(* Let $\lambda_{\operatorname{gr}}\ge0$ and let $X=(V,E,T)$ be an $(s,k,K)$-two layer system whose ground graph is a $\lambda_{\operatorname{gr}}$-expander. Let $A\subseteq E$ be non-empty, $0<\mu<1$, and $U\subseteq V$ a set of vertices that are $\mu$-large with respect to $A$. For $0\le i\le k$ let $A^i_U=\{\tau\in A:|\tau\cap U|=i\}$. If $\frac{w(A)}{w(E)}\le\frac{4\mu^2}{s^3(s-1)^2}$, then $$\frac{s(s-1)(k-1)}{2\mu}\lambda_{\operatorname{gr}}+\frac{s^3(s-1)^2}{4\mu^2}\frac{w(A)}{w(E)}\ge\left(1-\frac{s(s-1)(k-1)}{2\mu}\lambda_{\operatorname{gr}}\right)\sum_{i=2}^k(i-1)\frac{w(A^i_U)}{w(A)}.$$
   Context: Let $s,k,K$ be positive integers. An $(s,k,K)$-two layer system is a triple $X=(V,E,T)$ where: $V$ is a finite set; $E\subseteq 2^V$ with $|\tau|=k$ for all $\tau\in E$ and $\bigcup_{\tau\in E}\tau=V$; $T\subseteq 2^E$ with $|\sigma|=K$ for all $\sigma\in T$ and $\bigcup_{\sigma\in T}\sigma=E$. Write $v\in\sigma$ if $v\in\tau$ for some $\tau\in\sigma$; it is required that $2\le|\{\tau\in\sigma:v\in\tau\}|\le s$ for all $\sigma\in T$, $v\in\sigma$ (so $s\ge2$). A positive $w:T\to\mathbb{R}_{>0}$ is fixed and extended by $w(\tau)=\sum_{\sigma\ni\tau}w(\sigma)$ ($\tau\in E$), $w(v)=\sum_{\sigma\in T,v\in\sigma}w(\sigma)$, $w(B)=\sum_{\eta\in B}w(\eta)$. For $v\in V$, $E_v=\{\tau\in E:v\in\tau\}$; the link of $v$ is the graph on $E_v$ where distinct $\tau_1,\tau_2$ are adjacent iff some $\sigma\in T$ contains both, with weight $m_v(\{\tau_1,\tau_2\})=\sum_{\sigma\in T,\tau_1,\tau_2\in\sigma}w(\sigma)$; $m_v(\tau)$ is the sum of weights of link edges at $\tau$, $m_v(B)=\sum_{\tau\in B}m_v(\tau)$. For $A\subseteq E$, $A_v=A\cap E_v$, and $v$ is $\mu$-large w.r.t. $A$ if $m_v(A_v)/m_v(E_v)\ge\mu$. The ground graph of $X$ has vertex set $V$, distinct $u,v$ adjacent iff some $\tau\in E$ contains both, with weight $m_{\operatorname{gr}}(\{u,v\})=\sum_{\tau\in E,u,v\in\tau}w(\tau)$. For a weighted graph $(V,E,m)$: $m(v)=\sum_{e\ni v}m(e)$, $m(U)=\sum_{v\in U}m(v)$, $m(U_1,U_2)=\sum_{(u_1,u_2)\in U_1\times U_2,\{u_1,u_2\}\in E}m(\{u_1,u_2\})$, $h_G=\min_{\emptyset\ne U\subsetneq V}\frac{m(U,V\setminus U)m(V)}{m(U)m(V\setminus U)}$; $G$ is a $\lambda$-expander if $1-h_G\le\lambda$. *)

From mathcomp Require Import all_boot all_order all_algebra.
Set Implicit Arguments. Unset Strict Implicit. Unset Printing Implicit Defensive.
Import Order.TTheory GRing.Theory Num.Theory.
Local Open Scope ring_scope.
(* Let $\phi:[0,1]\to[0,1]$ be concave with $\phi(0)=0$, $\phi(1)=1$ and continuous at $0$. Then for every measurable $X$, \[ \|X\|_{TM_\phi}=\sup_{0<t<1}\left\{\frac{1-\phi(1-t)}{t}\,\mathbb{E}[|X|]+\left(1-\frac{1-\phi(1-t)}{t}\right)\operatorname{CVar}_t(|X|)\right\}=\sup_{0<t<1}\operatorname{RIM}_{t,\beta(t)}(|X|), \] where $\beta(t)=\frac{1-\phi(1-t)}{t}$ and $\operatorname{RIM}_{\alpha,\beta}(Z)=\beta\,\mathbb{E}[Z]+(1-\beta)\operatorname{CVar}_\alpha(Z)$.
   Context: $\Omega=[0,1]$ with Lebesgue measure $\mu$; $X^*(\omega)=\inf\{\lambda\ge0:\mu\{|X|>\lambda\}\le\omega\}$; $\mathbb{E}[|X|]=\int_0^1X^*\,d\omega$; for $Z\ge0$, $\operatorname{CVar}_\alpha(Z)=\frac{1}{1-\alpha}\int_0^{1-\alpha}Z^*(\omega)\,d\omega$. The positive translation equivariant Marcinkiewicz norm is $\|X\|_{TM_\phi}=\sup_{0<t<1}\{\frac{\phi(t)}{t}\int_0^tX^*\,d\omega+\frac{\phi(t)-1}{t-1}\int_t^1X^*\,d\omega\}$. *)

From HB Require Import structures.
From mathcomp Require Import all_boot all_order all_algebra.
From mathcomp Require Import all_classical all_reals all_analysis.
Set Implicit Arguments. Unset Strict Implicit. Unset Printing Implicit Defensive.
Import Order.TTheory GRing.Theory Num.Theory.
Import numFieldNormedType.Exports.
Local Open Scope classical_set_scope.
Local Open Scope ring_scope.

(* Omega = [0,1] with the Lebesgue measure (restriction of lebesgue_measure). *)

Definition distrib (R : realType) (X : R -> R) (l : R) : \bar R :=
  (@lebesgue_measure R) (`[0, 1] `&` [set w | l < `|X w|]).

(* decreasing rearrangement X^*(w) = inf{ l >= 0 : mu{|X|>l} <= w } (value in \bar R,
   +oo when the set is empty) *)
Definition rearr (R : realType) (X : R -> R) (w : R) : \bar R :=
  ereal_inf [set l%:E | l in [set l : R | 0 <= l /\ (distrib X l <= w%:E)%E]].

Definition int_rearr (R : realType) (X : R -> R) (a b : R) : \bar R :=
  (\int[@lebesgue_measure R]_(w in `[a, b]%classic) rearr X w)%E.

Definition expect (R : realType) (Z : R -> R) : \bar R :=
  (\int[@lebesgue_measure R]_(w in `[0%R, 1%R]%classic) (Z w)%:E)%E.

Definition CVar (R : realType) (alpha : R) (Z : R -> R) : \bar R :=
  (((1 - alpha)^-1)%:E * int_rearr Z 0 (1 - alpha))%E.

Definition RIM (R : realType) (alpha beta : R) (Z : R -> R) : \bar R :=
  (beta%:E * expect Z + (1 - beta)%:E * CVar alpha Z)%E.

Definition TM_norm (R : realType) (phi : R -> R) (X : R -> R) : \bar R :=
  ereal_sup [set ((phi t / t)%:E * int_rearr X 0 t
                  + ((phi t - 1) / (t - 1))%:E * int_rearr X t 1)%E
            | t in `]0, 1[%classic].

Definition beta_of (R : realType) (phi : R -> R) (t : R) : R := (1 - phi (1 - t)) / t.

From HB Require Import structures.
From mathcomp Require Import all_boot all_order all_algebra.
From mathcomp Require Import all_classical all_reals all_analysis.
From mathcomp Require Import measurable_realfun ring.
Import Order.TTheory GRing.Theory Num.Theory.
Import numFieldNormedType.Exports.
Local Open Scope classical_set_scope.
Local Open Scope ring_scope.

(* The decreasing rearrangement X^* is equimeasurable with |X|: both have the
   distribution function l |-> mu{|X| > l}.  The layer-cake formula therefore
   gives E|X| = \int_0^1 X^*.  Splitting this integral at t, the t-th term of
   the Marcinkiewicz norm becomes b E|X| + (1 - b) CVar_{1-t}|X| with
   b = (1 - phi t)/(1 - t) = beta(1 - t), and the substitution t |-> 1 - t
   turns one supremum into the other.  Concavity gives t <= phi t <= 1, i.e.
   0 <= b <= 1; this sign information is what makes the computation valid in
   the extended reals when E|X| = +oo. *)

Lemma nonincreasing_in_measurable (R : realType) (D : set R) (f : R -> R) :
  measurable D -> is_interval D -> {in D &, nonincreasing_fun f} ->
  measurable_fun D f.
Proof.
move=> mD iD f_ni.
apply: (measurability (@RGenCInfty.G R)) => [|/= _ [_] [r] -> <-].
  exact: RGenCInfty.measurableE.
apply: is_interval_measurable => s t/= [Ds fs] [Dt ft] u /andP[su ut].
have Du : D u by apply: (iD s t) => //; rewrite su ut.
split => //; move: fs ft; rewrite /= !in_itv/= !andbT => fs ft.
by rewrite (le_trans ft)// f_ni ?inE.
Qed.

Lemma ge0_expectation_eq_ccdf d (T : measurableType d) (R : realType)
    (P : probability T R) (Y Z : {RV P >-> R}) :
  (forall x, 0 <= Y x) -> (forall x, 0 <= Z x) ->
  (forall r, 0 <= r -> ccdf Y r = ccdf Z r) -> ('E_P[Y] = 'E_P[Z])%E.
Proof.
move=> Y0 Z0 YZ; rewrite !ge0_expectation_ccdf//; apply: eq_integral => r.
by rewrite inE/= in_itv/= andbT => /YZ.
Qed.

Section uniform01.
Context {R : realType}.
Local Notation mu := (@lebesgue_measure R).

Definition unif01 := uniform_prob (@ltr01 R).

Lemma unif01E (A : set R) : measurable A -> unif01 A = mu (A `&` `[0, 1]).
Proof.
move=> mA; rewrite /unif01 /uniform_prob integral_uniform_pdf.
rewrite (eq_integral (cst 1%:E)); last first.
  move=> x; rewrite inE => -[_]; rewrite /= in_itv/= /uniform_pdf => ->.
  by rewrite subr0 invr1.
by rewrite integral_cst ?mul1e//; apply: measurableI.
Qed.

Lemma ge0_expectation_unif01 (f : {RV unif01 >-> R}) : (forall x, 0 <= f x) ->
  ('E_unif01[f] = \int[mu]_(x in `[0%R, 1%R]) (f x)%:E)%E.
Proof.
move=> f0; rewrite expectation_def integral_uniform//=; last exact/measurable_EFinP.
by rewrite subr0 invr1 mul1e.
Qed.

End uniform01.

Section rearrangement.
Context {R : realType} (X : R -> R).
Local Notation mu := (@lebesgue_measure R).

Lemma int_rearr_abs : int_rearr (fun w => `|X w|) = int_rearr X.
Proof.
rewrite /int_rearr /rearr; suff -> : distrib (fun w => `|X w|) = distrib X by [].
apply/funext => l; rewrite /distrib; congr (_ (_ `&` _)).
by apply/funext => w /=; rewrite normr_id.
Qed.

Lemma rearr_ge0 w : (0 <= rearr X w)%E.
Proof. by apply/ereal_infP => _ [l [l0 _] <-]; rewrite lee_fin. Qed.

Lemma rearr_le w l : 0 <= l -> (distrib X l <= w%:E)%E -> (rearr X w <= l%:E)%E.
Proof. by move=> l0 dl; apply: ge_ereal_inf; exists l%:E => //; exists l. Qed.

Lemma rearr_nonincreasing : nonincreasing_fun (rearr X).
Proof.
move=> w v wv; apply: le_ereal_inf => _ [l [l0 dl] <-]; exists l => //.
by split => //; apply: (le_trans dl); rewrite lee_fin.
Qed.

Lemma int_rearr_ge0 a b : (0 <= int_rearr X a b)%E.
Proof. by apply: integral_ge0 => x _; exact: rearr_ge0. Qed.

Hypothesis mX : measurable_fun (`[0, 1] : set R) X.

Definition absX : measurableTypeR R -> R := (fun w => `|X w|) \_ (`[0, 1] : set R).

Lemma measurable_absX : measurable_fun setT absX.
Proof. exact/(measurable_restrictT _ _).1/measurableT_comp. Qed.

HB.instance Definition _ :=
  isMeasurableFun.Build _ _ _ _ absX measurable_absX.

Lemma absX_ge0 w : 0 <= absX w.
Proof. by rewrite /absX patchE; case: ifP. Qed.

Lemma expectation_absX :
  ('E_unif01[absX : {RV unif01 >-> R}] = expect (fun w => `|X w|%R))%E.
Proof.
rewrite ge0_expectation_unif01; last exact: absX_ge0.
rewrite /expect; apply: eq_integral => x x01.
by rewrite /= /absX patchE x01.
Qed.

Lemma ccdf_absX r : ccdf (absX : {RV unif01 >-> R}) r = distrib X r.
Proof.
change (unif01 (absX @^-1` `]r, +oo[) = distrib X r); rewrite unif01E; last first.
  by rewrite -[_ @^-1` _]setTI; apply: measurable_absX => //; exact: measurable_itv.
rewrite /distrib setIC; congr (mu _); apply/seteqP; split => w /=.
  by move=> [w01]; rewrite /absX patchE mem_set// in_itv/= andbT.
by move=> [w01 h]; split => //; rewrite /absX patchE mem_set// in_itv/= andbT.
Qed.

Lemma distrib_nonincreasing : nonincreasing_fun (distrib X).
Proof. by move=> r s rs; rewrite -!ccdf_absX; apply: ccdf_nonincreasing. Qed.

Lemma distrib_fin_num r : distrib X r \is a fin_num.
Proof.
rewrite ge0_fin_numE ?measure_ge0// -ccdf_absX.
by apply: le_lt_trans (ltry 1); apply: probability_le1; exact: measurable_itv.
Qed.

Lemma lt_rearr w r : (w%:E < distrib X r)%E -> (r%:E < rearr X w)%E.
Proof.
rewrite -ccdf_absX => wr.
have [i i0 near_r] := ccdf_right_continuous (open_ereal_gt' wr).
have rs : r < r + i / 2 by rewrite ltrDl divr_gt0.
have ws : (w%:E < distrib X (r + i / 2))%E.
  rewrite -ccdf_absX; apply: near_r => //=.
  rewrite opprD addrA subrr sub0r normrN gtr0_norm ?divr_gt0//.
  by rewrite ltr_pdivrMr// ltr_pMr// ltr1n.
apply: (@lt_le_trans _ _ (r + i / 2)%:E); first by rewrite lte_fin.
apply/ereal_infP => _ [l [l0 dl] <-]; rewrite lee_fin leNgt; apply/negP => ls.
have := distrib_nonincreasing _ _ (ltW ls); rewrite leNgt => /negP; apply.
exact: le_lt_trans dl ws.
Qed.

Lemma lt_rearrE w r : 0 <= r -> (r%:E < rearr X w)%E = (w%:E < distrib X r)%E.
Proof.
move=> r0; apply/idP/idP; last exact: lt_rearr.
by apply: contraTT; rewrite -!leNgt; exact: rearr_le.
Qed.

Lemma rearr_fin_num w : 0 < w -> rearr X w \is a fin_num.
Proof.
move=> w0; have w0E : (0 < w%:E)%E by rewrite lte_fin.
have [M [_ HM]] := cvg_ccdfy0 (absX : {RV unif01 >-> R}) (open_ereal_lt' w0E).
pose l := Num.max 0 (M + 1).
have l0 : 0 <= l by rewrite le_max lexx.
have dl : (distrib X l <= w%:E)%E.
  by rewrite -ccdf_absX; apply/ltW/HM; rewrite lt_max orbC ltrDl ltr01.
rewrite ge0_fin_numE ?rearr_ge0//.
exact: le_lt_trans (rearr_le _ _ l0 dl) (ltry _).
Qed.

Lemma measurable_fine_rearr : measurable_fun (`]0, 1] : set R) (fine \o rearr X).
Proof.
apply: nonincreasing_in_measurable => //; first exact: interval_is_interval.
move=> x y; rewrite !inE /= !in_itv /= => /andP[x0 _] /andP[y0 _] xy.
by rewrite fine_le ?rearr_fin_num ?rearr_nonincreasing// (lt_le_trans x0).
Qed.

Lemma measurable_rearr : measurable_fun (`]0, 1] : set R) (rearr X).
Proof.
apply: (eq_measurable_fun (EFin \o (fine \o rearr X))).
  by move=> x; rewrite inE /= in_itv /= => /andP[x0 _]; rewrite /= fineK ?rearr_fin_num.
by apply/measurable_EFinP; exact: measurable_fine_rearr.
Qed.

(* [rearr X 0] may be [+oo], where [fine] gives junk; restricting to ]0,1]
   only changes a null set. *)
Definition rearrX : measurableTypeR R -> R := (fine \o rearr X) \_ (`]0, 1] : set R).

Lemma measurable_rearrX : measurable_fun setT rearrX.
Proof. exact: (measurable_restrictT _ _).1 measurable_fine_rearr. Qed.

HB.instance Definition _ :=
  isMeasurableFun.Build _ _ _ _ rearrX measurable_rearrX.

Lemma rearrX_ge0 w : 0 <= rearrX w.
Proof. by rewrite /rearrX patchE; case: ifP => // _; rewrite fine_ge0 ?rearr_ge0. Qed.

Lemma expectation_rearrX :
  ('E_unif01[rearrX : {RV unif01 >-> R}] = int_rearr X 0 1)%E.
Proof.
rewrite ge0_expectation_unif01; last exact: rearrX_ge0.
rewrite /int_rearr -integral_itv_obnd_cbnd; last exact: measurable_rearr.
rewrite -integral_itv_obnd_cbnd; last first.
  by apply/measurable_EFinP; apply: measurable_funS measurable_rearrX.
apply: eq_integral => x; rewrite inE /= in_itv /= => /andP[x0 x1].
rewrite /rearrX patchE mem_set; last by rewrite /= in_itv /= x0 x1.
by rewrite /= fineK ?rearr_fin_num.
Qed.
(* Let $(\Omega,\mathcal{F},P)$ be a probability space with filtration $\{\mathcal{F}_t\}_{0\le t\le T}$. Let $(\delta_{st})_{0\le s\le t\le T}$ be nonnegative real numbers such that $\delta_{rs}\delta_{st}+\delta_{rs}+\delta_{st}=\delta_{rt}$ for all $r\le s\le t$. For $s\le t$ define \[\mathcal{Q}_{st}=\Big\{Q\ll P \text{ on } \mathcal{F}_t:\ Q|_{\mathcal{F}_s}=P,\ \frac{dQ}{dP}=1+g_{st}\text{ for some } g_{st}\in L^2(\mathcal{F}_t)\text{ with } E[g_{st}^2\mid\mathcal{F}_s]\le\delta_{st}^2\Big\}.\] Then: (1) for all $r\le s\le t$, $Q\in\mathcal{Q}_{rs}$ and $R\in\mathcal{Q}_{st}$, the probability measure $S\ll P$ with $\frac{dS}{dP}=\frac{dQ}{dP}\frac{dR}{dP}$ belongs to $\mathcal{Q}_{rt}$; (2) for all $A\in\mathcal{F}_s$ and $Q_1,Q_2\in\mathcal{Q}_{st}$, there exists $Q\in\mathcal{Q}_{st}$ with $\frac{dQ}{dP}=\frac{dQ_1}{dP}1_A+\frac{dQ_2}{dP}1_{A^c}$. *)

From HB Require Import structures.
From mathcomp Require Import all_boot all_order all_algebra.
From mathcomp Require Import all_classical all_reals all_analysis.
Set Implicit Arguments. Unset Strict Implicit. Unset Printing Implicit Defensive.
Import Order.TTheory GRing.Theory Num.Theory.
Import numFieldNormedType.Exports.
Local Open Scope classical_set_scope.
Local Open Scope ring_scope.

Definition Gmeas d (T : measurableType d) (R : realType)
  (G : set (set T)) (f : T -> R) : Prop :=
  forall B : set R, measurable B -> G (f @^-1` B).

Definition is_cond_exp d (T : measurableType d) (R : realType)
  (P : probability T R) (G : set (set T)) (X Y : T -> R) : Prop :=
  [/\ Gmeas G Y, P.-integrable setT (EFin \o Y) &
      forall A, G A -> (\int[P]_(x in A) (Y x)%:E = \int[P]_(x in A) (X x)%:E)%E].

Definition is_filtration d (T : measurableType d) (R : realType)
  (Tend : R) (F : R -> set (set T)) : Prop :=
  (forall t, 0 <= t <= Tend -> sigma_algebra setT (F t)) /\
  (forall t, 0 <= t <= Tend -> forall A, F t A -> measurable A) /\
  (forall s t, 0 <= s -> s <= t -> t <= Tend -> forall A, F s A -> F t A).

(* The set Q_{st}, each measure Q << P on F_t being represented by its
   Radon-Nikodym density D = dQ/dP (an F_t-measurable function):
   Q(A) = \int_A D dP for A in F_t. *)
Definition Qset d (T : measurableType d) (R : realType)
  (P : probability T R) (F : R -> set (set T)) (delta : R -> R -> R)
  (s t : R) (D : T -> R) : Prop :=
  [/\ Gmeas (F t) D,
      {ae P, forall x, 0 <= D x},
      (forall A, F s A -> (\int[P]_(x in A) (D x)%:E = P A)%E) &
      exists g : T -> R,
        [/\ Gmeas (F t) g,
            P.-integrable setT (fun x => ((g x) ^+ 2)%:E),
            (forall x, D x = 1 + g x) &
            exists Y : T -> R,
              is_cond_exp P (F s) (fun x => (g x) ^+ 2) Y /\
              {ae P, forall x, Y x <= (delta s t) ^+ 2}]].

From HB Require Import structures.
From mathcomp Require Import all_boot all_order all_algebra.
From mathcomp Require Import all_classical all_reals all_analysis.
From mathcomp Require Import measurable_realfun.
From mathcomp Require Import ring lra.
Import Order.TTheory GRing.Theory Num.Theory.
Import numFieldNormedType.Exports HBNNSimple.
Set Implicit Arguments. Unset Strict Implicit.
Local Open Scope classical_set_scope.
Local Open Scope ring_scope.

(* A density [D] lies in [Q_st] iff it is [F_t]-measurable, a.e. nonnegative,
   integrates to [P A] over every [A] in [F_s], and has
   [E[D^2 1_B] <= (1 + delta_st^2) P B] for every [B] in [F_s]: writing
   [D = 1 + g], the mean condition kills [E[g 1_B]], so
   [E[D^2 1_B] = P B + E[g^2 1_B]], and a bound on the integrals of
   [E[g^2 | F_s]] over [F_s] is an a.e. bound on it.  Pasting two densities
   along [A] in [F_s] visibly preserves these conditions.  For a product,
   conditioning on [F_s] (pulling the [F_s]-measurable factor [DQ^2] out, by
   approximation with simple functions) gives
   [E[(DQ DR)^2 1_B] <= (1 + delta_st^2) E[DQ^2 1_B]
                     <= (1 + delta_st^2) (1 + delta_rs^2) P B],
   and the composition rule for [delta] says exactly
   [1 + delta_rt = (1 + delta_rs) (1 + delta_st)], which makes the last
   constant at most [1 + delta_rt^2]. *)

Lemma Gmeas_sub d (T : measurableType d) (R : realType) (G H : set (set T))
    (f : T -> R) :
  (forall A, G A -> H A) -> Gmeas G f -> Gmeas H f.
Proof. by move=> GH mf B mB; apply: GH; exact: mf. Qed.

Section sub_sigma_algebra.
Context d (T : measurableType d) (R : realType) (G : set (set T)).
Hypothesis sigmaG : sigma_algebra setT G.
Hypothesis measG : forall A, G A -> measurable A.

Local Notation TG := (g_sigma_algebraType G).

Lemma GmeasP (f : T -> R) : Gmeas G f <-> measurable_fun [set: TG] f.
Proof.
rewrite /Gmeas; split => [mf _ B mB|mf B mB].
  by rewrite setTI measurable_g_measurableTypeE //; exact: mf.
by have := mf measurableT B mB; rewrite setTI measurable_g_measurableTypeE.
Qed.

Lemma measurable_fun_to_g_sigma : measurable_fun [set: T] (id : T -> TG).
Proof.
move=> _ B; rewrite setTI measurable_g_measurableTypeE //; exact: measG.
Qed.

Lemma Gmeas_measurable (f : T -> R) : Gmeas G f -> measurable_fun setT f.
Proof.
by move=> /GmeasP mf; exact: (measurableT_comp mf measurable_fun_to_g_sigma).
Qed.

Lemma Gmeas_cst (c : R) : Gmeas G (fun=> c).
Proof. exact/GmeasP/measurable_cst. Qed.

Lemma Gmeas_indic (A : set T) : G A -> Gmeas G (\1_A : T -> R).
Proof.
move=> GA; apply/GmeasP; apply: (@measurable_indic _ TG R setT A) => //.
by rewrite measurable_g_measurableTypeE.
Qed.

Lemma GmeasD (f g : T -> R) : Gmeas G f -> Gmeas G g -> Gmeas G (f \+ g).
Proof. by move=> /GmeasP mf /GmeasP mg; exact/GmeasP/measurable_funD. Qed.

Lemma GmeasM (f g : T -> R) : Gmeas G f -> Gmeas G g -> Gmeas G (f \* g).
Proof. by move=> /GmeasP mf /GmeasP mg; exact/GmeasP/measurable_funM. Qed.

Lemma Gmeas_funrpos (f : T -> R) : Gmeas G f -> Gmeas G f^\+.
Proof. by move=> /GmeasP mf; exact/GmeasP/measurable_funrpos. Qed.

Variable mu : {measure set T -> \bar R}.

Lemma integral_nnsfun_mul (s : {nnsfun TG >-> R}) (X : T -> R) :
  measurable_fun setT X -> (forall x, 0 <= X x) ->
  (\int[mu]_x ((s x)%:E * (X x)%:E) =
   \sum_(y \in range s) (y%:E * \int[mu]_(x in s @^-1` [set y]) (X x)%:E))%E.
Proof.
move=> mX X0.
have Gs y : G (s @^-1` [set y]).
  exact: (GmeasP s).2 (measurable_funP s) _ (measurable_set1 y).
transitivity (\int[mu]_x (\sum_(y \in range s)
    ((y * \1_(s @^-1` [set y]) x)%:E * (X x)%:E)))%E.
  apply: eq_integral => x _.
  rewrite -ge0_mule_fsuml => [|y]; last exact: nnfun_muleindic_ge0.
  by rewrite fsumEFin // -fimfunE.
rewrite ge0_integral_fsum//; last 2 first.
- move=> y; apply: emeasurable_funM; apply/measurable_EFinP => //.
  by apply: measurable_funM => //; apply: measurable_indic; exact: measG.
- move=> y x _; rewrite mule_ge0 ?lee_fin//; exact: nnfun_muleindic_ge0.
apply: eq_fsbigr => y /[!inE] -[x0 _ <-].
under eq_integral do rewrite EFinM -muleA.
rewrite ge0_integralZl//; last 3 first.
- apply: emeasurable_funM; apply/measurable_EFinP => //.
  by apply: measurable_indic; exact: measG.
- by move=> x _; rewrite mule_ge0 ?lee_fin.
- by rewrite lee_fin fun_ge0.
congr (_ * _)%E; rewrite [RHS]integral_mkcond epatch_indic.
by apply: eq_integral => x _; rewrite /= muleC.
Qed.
◆ ◆ ◆ ◆ ◆ ◆ ◆
Scan the material above for the string "Section". Return each line where it occurs.

RESPONSE TO THE TASK.
Section uniform01.
Section rearrangement.
Section sub_sigma_algebra.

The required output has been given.